I will share a post periodically with a recipes I am using and the method I use to prepare it ahead of time. For the time being, here is a recipe that I have tried and we really like it:
Kale, Sausage and Potato Soup
12 oz. smoked sausage, cut into bite sized pieces and cooked, then cooled.
1 onion, diced
4 carrots, chopped into uniform pieces
3 potatoes, peeled and chopped into bite sized pieces
5 cups chicken broth
1 large bay leaves
1/2 tsp black pepper
About 6 oz kale, washed and torn into small pieces, tough stem cut away.
Cook the meat, cool.

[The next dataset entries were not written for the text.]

(* Let $J=\{1,2\}\times\{1,2\}$, let $(a_{i,j})$ be the square array of strongly matricially free Toeplitz operators $a_{i,j}=\ell_{i,j}+f_{i,j}(\ell_{i,j}^* )$ on $\mathcal{N}$, let $R_{i,j}$ be the R-transform of the distribution of $a_{i,j}$ in the state $\varphi_{i,j}$, let $A=\sum_{i,j}a_{i,j}$, and let $\mathcal{R}_A(z)=\sum_{i,j}R_{i,j}(z)1_{i,j}$ be the corresponding matricial R-transform and $C_A(z)=\frac1z+\mathcal{R}_A(z)$. Then for $|z|$ sufficiently small and positive, $C_A(z)$ has the multiplicative inverse $$B_A(z)=\frac{z}{1+z(R_{1,1}(z)+R_{2,2}(z))}\,p+\frac{z}{1+z(R_{1,1}(z)+R_{2,1}(z))}\,p_{1,1}+\frac{z}{1+z(R_{2,2}(z)+R_{1,2}(z))}\,p_{2,2}+\frac{z}{1+z(R_{1,2}(z)+R_{2,1}(z))}\,(p_{1,2}+p_{2,1}),$$ where the sums $R_{1,1}+R_{2,2}$, $R_{1,1}+R_{2,1}$, $R_{2,2}+R_{1,2}$, $R_{1,2}+R_{2,1}$ are the R-transforms of the free convolutions $\mu_{1,1}\boxplus\mu_{2,2}$, $\mu_{1,1}\boxplus\mu_{2,1}$, $\mu_{2,2}\boxplus\mu_{1,2}$, $\mu_{1,2}\boxplus\mu_{2,1}$ of the distributions $\mu_{i,j}$ of $a_{i,j}$ in $\varphi_{i,j}$.
   Context: Fock space (square array). Let $(\alpha_{i,j})_{i,j\in\{1,2\}}$ be positive reals, $\{e_{i,j}\}$ orthonormal vectors, $\mathcal{F}$ the full Fock space over $\bigoplus_{i,j}\mathbb{C}e_{i,j}$ with vacuum $\Omega$. The strongly matricially free Fock space $\mathcal{N}\subseteq\mathcal{F}$ is the closed span of $\Omega$ and all simple tensors $e_{i_1,i_2}^{\otimes n_1}\otimes e_{i_2,i_3}^{\otimes n_2}\otimes\dots\otimes e_{i_{m-1},i_m}^{\otimes n_{m-1}}\otimes e_{i_m,i_m}^{\otimes n_m}$ ($m\ge1$, $n_k\ge1$, $i_1\neq\dots\neq i_m$). With $P$ the projection onto $\mathcal{N}$ and $\ell(e)w=e\otimes w$, set $\ell_{i,j}=\alpha_{i,j}P\ell(e_{i,j})|_{\mathcal{N}}$. Let $\mathcal{N}_{i,j}$ be the closed span of those simple tensors whose first factor is $e_{i,j}$, $p$ the projection onto $\mathbb{C}\Omega$ and $p_{i,j}$ the projection onto $\mathcal{N}_{i,j}$. Internal units: $1_{j,j}$ is the projection onto $\mathbb{C}\Omega\oplus\mathcal{N}_{j,j}$, and for $i\ne j$, $1_{i,j}$ is the projection onto $\mathcal{N}\ominus(\mathbb{C}\Omega\oplus\mathcal{N}_{i,i})$. States $\varphi_{i,j}(x)=\langle x\Omega_{i,j},\Omega_{i,j}\rangle$, $\Omega_{j,j}=\Omega$, $\Omega_{i,j}=e_{j,j}$ ($i\ne j$). Toeplitz operators: $a_{i,j}=\ell_{i,j}+f_{i,j}(\ell_{i,j}^* )$ for polynomials $f_{i,j}(w)=\sum_{n=0}^dc_{i,j}(n)w^n$, with $f_{i,j}(\ell_{i,j}^* ):=c_{i,j}(0)1_{i,j}+\sum_{n\ge1}c_{i,j}(n)(\ell_{i,j}^* )^n$. The R-transform of a distribution with moments $m_n$ is the power series $R$ analytic near $0$ with $G(1/z+R(z))=z$ for small $|z|>0$, $G(w)=\sum_n m_nw^{-n-1}$. *)

From HB Require Import structures.
From mathcomp Require Import all_boot all_order all_algebra.
From mathcomp Require Import complex.
From mathcomp Require Import all_classical all_reals all_analysis.
Set Implicit Arguments. Unset Strict Implicit. Unset Printing Implicit Defensive.
Import Order.TTheory GRing.Theory Num.Theory.
Import numFieldTopology.Exports numFieldNormedType.Exports.
Local Open Scope classical_set_scope.
Local Open Scope ring_scope.

(* Topology/norm on the complex numbers R[i]: the one of R[i] as a normed
   field over itself (norm = complex modulus). *)
HB.instance Definition _ (R : rcfType) := NormedModule.copy R[i] R[i]^o.

Definition J := ('I_2 * 'I_2)%type.
Definition i1 : 'I_2 := ord0.
Definition i2 : 'I_2 := ord_max.

(* Simple tensors e_{x_1} (x) ... (x) e_{x_n} of the full Fock space are
   indexed by words (seq J); the empty word is the vacuum Omega.  The family
   of all words is an orthonormal basis of F. *)
Definition word := seq J.

(* Allowed transitions between consecutive letters of a basis tensor of N *)
Definition step (x y : J) : bool := (x == y) || ((x.1 != x.2) && (y.1 == x.2)).

(* adm w <=> w is Omega or a tensor
   e_{i1,i2}^{n1} (x) e_{i2,i3}^{n2} (x) ... (x) e_{im,im}^{nm}
   with n_k >= 1 and i_1 <> i_2 <> ... <> i_m, i.e. a basis vector of N. *)
Definition adm (w : word) : bool :=
  if w is x :: s then path step x s && ((last x s).1 == (last x s).2) else true.

Section Fock.
Variable R : realType.
Local Notation C := R[i].

(* Vectors are given by their coefficients in the orthonormal basis of
   words; operators act on coefficient functions.  The vectors of N are those
   supported on admissible words. *)
Definition vec := word -> C.
Definition op := vec -> vec.

Definition inN (v : vec) : Prop := forall w, ~~ adm w -> v w = 0.

Definition basisv (u : word) : vec := fun w => if w == u then 1 else 0.

Definition proj (P : pred word) : op := fun v w => if P w then v w else 0.

Definition first_is (x : J) (w : word) : bool :=
  if w is y :: _ then y == x else false.

Definition pvac : op := proj (fun w => w == [::]).
Definition pJ (x : J) : op := proj (fun w => adm w && first_is x w).

Definition unitJ (x : J) : op :=
  if x.1 == x.2 then proj (fun w => adm w && ((w == [::]) || first_is x w))
  else proj (fun w => adm w && (w != [::]) && ~~ first_is (x.1, x.1) w).

(* l_{i,j} = alpha_{i,j} P l(e_{i,j}) |_N  and its adjoint on N *)
Definition ellJ (alpha : J -> R) (x : J) : op := fun v w =>
  if w is y :: w' then (if (y == x) && adm w then (alpha x)%:C%C * v w' else 0)
  else 0.
Definition ellJadj (alpha : J -> R) (x : J) : op := fun v w =>
  if adm w then (alpha x)%:C%C * v (x :: w) else 0.

(* Toeplitz operator a_{i,j} = l_{i,j} + f_{i,j}(l_{i,j}^* ) with
   f(l^* ) = c(0) 1_{i,j} + sum_{n>=1} c(n) (l^* )^n *)
Definition toeplitz (alpha : J -> R) (f : J -> {poly C}) (x : J) : op :=
  fun v w => ellJ alpha x v w + (f x)`_0 * unitJ x v w
             + \sum_(1 <= n < size (f x)) (f x)`_n * iter n (ellJadj alpha x) v w.

Definition OmegaJ (x : J) : word := if x.1 == x.2 then [::] else [:: (x.2, x.2)].

(* moments phi_{i,j}(a_{i,j}^n) = < a_{i,j}^n Omega_{i,j}, Omega_{i,j} > *)
Definition moments (alpha : J -> R) (f : J -> {poly C}) (x : J) (n : nat) : C :=
  iter n (toeplitz alpha f x) (basisv (OmegaJ x)) (OmegaJ x).

(* Rf is the R-transform of the distribution with moments m:
   Rf is given near 0 by a convergent power series, and
   G(1/z + Rf z) = z for small |z| > 0, where G(w) = sum_n m_n w^{-n-1}. *)
Definition is_Rtransform (m : nat -> C) (Rf : C -> C) : Prop :=
  (exists (r : nat -> C) (rho : C), 0 < rho /\
     forall z : C, `|z| < rho ->
       series (fun k => r k * z ^+ k) @ \oo --> Rf z) /\
  (exists delta : C, 0 < delta /\
     forall z : C, 0 < `|z| < delta ->
       series (fun n => m n * (z^-1 + Rf z) ^- n.+1) @ \oo --> z).

Definition CA (Rt : J -> C -> C) (z : C) : op :=
  fun v w => z^-1 * v w + \sum_(x : J) Rt x z * unitJ x v w.

Definition BA (Rt : J -> C -> C) (z : C) : op :=
  fun v w =>
    z / (1 + z * (Rt (i1, i1) z + Rt (i2, i2) z)) * pvac v w
  + z / (1 + z * (Rt (i1, i1) z + Rt (i2, i1) z)) * pJ (i1, i1) v w
  + z / (1 + z * (Rt (i2, i2) z + Rt (i1, i2) z)) * pJ (i2, i2) v w
  + z / (1 + z * (Rt (i1, i2) z + Rt (i2, i1) z))
      * (pJ (i1, i2) v w + pJ (i2, i1) v w).

End Fock.

From Pilot Require Import Defs.
From HB Require Import structures.
From mathcomp Require Import all_boot all_order all_algebra.
From mathcomp Require Import complex.
From mathcomp Require Import all_classical all_reals all_analysis.
From mathcomp Require Import ring.
Import Order.TTheory GRing.Theory Num.Theory.
Import numFieldTopology.Exports numFieldNormedType.Exports.
Local Open Scope classical_set_scope.
Local Open Scope ring_scope.

(* On N both C_A(z) and B_A(z) are diagonal in the basis of admissible words:
   a word w in the range of p, p_{1,1}, p_{2,2} or p_{1,2} + p_{2,1} is
   multiplied by 1/z + S(w) and by z / (1 + z S(w)) respectively, where S(w)
   is the sum of the two R_{i,j}(z) whose internal units 1_{i,j} contain w.
   These scalars are mutually inverse as soon as z S(w) <> -1.  Each R_{i,j}
   is the sum of a power series with positive radius, hence bounded near 0,
   so |z R_{i,j}(z)| < 1/2 and |z S(w)| < 1 for small z. *)

Section PowerSeries.
Context {K : numFieldType}.

Lemma sum_half_powers n : \sum_(k < n) (2^-1 : K) ^+ k = 2 - 2 * 2^-1 ^+ n.
Proof.
elim: n => [|n IHn]; first by rewrite big_ord0 expr0 mulr1 subrr.
have two_neq0 : (2 : K) != 0 by rewrite pnatr_eq0.
by rewrite big_ord_recr /= IHn exprS; field.
Qed.

Lemma power_series_bounded_near0 {r : nat -> K} {Rf : K -> K} {rho : K} :
  0 < rho -> (forall z, `|z| < rho -> series (fun k => r k * z ^+ k) @ \oo --> Rf z) ->
  exists2 B, 0 < B & \forall z \near (0 : K), `|Rf z| < B.
Proof.
move=> rho0 hRf.
have half_lt (x : K) : 0 < x -> x / 2 < x.
  by move=> x0; rewrite ltr_pdivrMr // mulr_natr mulr2n ltrDl.
set t := rho / 2.
have t0 : 0 < t by rewrite divr_gt0.
have : cvgn (fun k => r k * t ^+ k).
  apply/cvg_ex; exists 0; apply: cvg_series_cvg_0.
  by apply/cvg_ex; exists (Rf t); apply: hRf; rewrite gtr0_norm // half_lt.
move=> /cvg_seq_bounded /ex_strict_bound_gt0 [M M0 hM].
exists (1 + 2 * M); first by rewrite addr_gt0 // mulr_gt0.
have : \forall z \near (0 : K), `|z| < t / 2.
  by apply/nbhs_norm0P; exists (t / 2) => //=; rewrite divr_gt0.
apply: filterS => z z_t.
have term_le k : `|r k * z ^+ k| <= M * 2^-1 ^+ k.
  rewrite normrM normrX; apply: (@le_trans _ _ (`|r k| * (t / 2) ^+ k)).
    by rewrite ler_wpM2l // lerXn2r ?nnegrE ?(ltW z_t) // divr_ge0 // ltW.
  rewrite exprMn mulrA ler_pM2r ?exprn_gt0 ?invr_gt0 //.
  by have := hM k I; rewrite /= normrM normrX (gtr0_norm t0) => /ltW.
have partial_le n : `|series (fun k => r k * z ^+ k) n| <= 2 * M.
  rewrite /series /= big_mkord; apply: le_trans (ler_norm_sum _ _ _) _.
  apply: (@le_trans _ _ (\sum_(k < n) M * 2^-1 ^+ k)).
    by apply: ler_sum => k _; apply: term_le.
  rewrite -mulr_sumr sum_half_powers mulrC ler_pM2r // gerBl.
  by rewrite mulr_ge0 // exprn_ge0 // invr_ge0.
have z_rho : `|z| < rho by apply: lt_trans z_t (lt_trans (half_lt _ t0) (half_lt _ rho0)).
have [n close_n] := filter_ex ((cvgrPdist_lt _ _).1 (hRf z z_rho) 1 ltr01).
rewrite -(subrK (series (fun k => r k * z ^+ k) n) (Rf z)).
exact: le_lt_trans (ler_normD _ _) (ltr_leD close_n (partial_le n)).
Qed.

Lemma bounded_near0_mulr_small (g : K -> K) (B e : K) : 0 < B -> 0 < e ->
  (\forall z \near (0 : K), `|g z| < B) -> \forall z \near (0 : K), `|z * g z| < e.
Proof.
move=> B0 e0 gB.
have : \forall z \near (0 : K), `|z| < e / B.
  by apply/nbhs_norm0P; exists (e / B) => //=; rewrite divr_gt0.
apply: filterS2 gB => z gz zs.
by rewrite normrM -(divfK (lt0r_neq0 B0) e) ltr_pM.
Qed.
End PowerSeries.

Lemma add1r_neq0 (K : numDomainType) (a : K) : `|a| < 1 -> 1 + a != 0.
Proof.
move=> a_lt1; apply/eqP => a_eq; move: a_lt1.
by rewrite (_ : a = -1) ?normrN ?normr1 ?ltxx //; apply/eqP; rewrite -addr_eq0 addrC a_eq.
Qed.

Lemma ord2_cases (a : 'I_2) : a = i1 \/ a = i2.
Proof. by case: a => -[|[|//]] a_lt2; [left | right]; apply: val_inj. Qed.

Section FockDiagonal.
Variables (R : realType) (Rt : J -> R[i] -> R[i]).
Local Notation K := R[i].

Lemma sum_J (F : J -> K) :
  \sum_(x : J) F x = F (i1, i1) + F (i1, i2) + F (i2, i1) + F (i2, i2).
Proof.
transitivity (\sum_(p : 'I_2 * 'I_2) F (p.1, p.2)); first by apply: eq_bigr => -[].
rewrite -(pair_bigA _ (fun a b => F (a, b))) /= !big_ord_recl !big_ord0 /=.
by rewrite !addr0 !addrA; congr (_ + _ + _ + _); congr F; congr pair; apply: val_inj.
Qed.

(* S(w): the internal units containing an admissible word are read off its
   first letter; the vacuum lies in 1_{1,1} and 1_{2,2}. *)
Definition word_Rsum (z : K) (w : word) : K :=
  match w with
  | [::] => Rt (i1, i1) z + Rt (i2, i2) z
  | y :: _ => if y == (i1, i1) then Rt (i1, i1) z + Rt (i2, i1) z
              else if y == (i2, i2) then Rt (i2, i2) z + Rt (i1, i2) z
              else Rt (i1, i2) z + Rt (i2, i1) z
  end.

Lemma CA_adm z (v : vec R) w : adm w -> CA Rt z v w = (z^-1 + word_Rsum z w) * v w.
Proof.
move=> aw; rewrite /CA sum_J /unitJ /Defs.proj /= aw /=.
case: w aw => [|[a b] s] aw /=; first ring.
by case: (ord2_cases a) => ->; case: (ord2_cases b) => -> /=;
  rewrite ?xpair_eqE ?eqxx /=; ring.
Qed.

Lemma CA_nadm z (v : vec R) w : ~~ adm w -> CA Rt z v w = z^-1 * v w.
Proof.
move=> naw; rewrite /CA /unitJ /Defs.proj big1 ?addr0 // => x _.
by case: ifP; rewrite (negbTE naw) mulr0.
Qed.

Lemma BA_adm z (v : vec R) w : adm w -> BA Rt z v w = z / (1 + z * word_Rsum z w) * v w.
Proof.
move=> aw; rewrite /BA /pvac /pJ /Defs.proj /= aw /=.
case: w aw => [|[a b] s] aw /=; first ring.
by case: (ord2_cases a) => ->; case: (ord2_cases b) => -> /=;
  rewrite ?xpair_eqE ?eqxx /=; ring.
Qed.

Lemma BA_nadm z (v : vec R) w : ~~ adm w -> BA Rt z v w = 0.
Proof.
move=> naw; rewrite /BA /pvac /pJ /Defs.proj /= (negbTE naw) /=.
by case: w naw => [|y s] naw //=; ring.
Qed.

Lemma BA_CA_inverse z (v : vec R) : z != 0 ->
  (forall w, 1 + z * word_Rsum z w != 0) -> inN v ->
  BA Rt z (CA Rt z v) = v /\ CA Rt z (BA Rt z v) = v.
Proof.
move=> z_neq0 nz_denom vN.
have scalar_inv w : z / (1 + z * word_Rsum z w) * (z^-1 + word_Rsum z w) = 1.
  by field; rewrite z_neq0 nz_denom.
split; apply: funext => w; case: (boolP (adm w)) => aw.
- by rewrite BA_adm // CA_adm // mulrA scalar_inv mul1r.
- by rewrite BA_nadm // vN.
- by rewrite CA_adm // BA_adm // mulrA [X in X * _]mulrC scalar_inv mul1r.
- by rewrite CA_nadm // BA_nadm // mulr0 vN.
Qed.

Lemma word_Rsum_small z w :
  (forall x, `|z * Rt x z| < 2^-1) -> `|z * word_Rsum z w| < 1.
Proof.
move=> Rt_small.
have pair_small x y : `|z * (Rt x z + Rt y z)| < 1.
  rewrite mulrDr; apply: le_lt_trans (ler_normD _ _) _.
  by rewrite [X in _ < X](splitr 1) mul1r ltrD.
by case: w => [|y s] /=; [|case: ifP => _; [|case: ifP => _]]; apply: pair_small.
Qed.

End FockDiagonal.

Theorem proposition5p2 (R : realType) (alpha : J -> R)
  (halpha : forall x : J, 0 < alpha x)
  (f : J -> {poly R[i]}) (Rt : J -> R[i] -> R[i])
  (hRt : forall x : J, is_Rtransform (moments alpha f x) (Rt x)) :
  exists delta : R[i], 0 < delta /\
    forall z : R[i], 0 < `|z| < delta ->
      forall v : vec R, inN v ->
        BA Rt z (CA Rt z v) = v /\ CA Rt z (BA Rt z v) = v.
Proof.
have : \forall z \near (0 : R[i]), forall x, `|z * Rt x z| < 2^-1.
  apply: filter_forall (nbhs_filter _) _ => x.
  have [[r [rho [rho0 hr]]] _] := hRt x.
  have [B B0 hB] := power_series_bounded_near0 rho0 hr.
  exact: bounded_near0_mulr_small B0 _ hB.
move=> /nbhs_norm0P [d /= d0 Rt_small].
exists d; split => // z /andP [z0 zd] v vN.
apply: BA_CA_inverse => //; first by rewrite -normr_gt0.
by move=> w; apply/add1r_neq0/word_Rsum_small => x; apply: Rt_small.
Qed.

Add all ingredients except the broth to a zip top bag. Label then refrigerate.
On the morning you want to have the soup for supper, open the bag, pour all the ingredients into a 5 or 6 qt. SC. Add the chicken broth.
Turn the SC on LOW. Plug the SC into the lamp timer and set the lamp timer to come on 6 hours before supper time.
I will be leaving the house at about 6:30 a.m. so I will set the lamp timer to come on at noon. That way, the soup will cook for 6 hours on LOW.
Once we get home, the soup should be ready. For this particular recipe you can make it creamy by adding a cup of full fat milk. I’ll either make some cornbread to go with it or we’ll have crackers and a small salad.